As you yourself admit the ILWU made major concessions: giving away control of the console (cargo handling operations) and the supercargo (No clerks jobs on the ships). The PNGHA got just about everything they’d demanded at the start of negotiations two years ago, using the EGT contract as their boilerplate. The danger of acceding to such demands by the grain monopolies was made clear in a signed leaflet by Local 10 and Local 8 retirees and members, veterans of many ILWU battles--Herb Mills, the late Leo Robinson, Howard Keylor, Larry Wright, Chris Colie, Delbert Green, Jack Mulcahy, Anthony Leviege and myself. (EGT-Longview Longshore Contract - Worst Ever!)

The real question is: Why did longshoremen in the grain ports vote 93.8% in December 2012 to reject the employers’ last, best and final offer which is essentially the same contract and now vote 88.4% to accept it? Portland Local 8, the largest grain port, voted down the Cargill/TEMCO deal (similar to the final grain agreement). And they tried to stem the tide of concessionary bargaining by holding rallies in the port but were blocked by the International. Local 21 members were not even given the right to vote on the concessions-setting EGT contract as is stipulated in the ILWU Constitution. You failed to report any of these pertinent facts. Could it be that after two years of negotiations and over one year of a lockout and scabbing, that longshore workers had no confidence in their International to stop the scabbing and get a better contract? Such lack of confidence in International leaderships was expressed in your Labor Notes article on the Machinists’ struggle against Boeing.

Starting with the EGT struggle, the ILWU International interceded to prevent mass mobilizations to stop the scabbing even though there was enthusiastic support for it from labor councils, unions and our allies in the Occupy movement. What frightened PMA’s McKenna and the ILWU bureaucrats most was longshoremen leaving work in the major Northwest ports of Seattle, Tacoma and Portland and shutting down those ports to protest the police attack on their sisters and brothers, including McEllrath, blocking a scab grain train in Longview. After that successful rank-and-file action there were no more mass mobilizations.

The power of ILWU on the West Coast docks lay dormant in the fight against EGT. McKenna and McEllrath were also frightened by the Occupy march of 30,000 into the port of Oakland protesting police brutality and in solidarity with the EGT struggle. The Occupy movement would’ve been our ally in this struggle but the International, made sure that didn’t happen.

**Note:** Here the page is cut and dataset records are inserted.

(* Let $N\geq2$ and $[\![N]\!]=\{1,\dots,N\}$. Let $x_1,\dots,x_N$ and $A_I$ ($I\subset[\![N]\!]$) be indeterminates, and let $K$ be the field of rational functions in them over $\mathbb{Q}$. For $k\in[\![N]\!]$ let $E_k$ be the map sending a tuple $(y_1,\dots,y_N)\in K^N$ with $y_k\neq0$ to $(y_1,\dots,y_{k-1},\overline{y_k},y_{k+1},\dots,y_N)$, where $$\overline{y_k}=\Big(\sum_{i\neq k}y_i^2+\sum_{I\subset[\![N]\!]\smallsetminus\{k\}}A_I\prod_{i\in I}y_i\Big)\Big/y_k .$$ Let $G$ be the group generated by the involutions $E_1,\dots,E_N$ acting (birationally) in this way. Then for every $g\in G$, each coordinate of $g\cdot(x_1,\dots,x_N)$ is a polynomial with integer coefficients in the variables $x_1^{\pm1},\dots,x_N^{\pm1}$ and $\{A_I\}_{I\subsetneq[\![N]\!]}$, the coefficients depending only on $g$.
   Context: The maps $E_k$ are the birational involutions of $\mathbb{C}^N$ exchanging the two roots, in the $k$-th variable, of the Markoff-type equation $\sum_{i=1}^N X_i^2+\sum_{I\subset[\![N]\!]}A_I\prod_{i\in I}X_i=0$ (monic of degree $2$ in each variable); $G$ is the free product of $N$ copies of $\mathbb{Z}/2\mathbb{Z}$ acting through them. Note that $A_{[\![N]\!]}$ does not appear in the formula for any $E_k$. *)

From HB Require Import structures.
From mathcomp Require Import all_boot all_order all_algebra.
From mathcomp Require Import fraction.
From mathcomp Require Import mpoly.
Set Implicit Arguments.
Unset Strict Implicit.
Unset Printing Implicit Defensive.
Import Order.TTheory GRing.Theory Num.Theory.
Local Open Scope ring_scope.

(* Indeterminates: x_1..x_N and A_I for every I ⊂ [N] (all 2^N subsets).
   Variable indices of the polynomial ring: 'I_(N + #|{set 'I_N}|). *)
Notation "x %:F" := (@FracField.tofrac _ x) : ring_scope.

Definition nvars (N : nat) : nat := (N + #|{set 'I_N}|)%N.

Definition xidx (N : nat) (i : 'I_N) : 'I_(nvars N) := lshift _ i.
Definition aidx (N : nat) (I : {set 'I_N}) : 'I_(nvars N) := rshift N (enum_rank I).

Definition K (N : nat) := {fraction {mpoly rat[nvars N]}}.

Definition xK (N : nat) (i : 'I_N) : K N := ('X_(xidx i))%:F.
Definition AK (N : nat) (I : {set 'I_N}) : K N := ('X_(aidx I))%:F.

Definition xvec (N : nat) : 'I_N -> K N := fun i => xK i.

Definition Ebar (N : nat) (k : 'I_N) (y : 'I_N -> K N) : K N :=
  (\sum_(i : 'I_N | i != k) y i ^+ 2
   + \sum_(I : {set 'I_N} | k \notin I) AK I * \prod_(i in I) y i) / y k.

Definition Ek (N : nat) (k : 'I_N) (y : 'I_N -> K N) : option ('I_N -> K N) :=
  if y k == 0 then None
  else Some (fun j => if j == k then Ebar k y else y j).

(* An element of G (free product of N copies of Z/2) is a reduced word
   [:: k1; ...; km] (no two consecutive equal letters); it acts as
   E_{k1} o ... o E_{km}, the result being None if some division by 0
   occurs along the way. *)
Definition reduced_word (N : nat) (w : seq 'I_N) : bool :=
  sorted (fun a b : 'I_N => a != b) w.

The International, maintaining top down control, kept members isolated and intimidated. Disruption of a solidarity rally for the Local 21 Longview members’ struggle in the Portland SEIU union hall was led by ILWU bureaucrats. The following day the Seattle Labor Temple solidarity rally was chaired by Gabriel Prawl, a member of ILWU Local 52 and the A. Philip Randolph delegate to the King County Labor Council. ILWU members and an Occupy speaker were at the podium when it was physically broken up by ILWU officials, some members and staffers.

Paul, you had been an ILWU staffer and were there. Maybe you weren’t one of those who physically attacked the rally participants but you defended ILWU officials who did, at the subsequent Seattle Labor Council meeting. Where does Labor Notes stand on this egregious breach of union democracy?

A year later, when Vancouver and Portland longshore locals were locked out, they were pretty much on their own, valiantly picketing the scabs as best they could. A mass mobilization was never called by the International to stop the Gettier Security scabs at United Grain and Columbia Grain at the point of production.

In fact, Gettier scabs were first used in an ILWU dispute in 2010 against our locked out miners in Boron, California. The ILWU International warned striking miners that if they picketed scab borax containers on the LA/LB docks their strike fund money would be cut off. Not one scab box was stopped! ILWU signed a concessionary contract eliminating defined pensions for new miners, just as the Machinists’ bureaucrats did at Boeing. Although scabs were still working in the Boron mine, The Dispatcher declared a “victory” and it was dutifully reiterated in Labor Notes.

The key question in labor struggles is the picket line. The ILWU's Ten Guiding Principles addresses that question head on. “Labor solidarity means just that. Unions have to accept the fact that the solidarity of labor stands above all else, including even the so-called sanctity of the contract. We cannot adopt for ourselves the policies of union leaders who insist that because they have a contract, their members are compelled to perform work even behind a picket line. Every picket line must be respected as though it were our own.” The McEllrath-Sundet leadership has consistently violated this fundamental labor principal.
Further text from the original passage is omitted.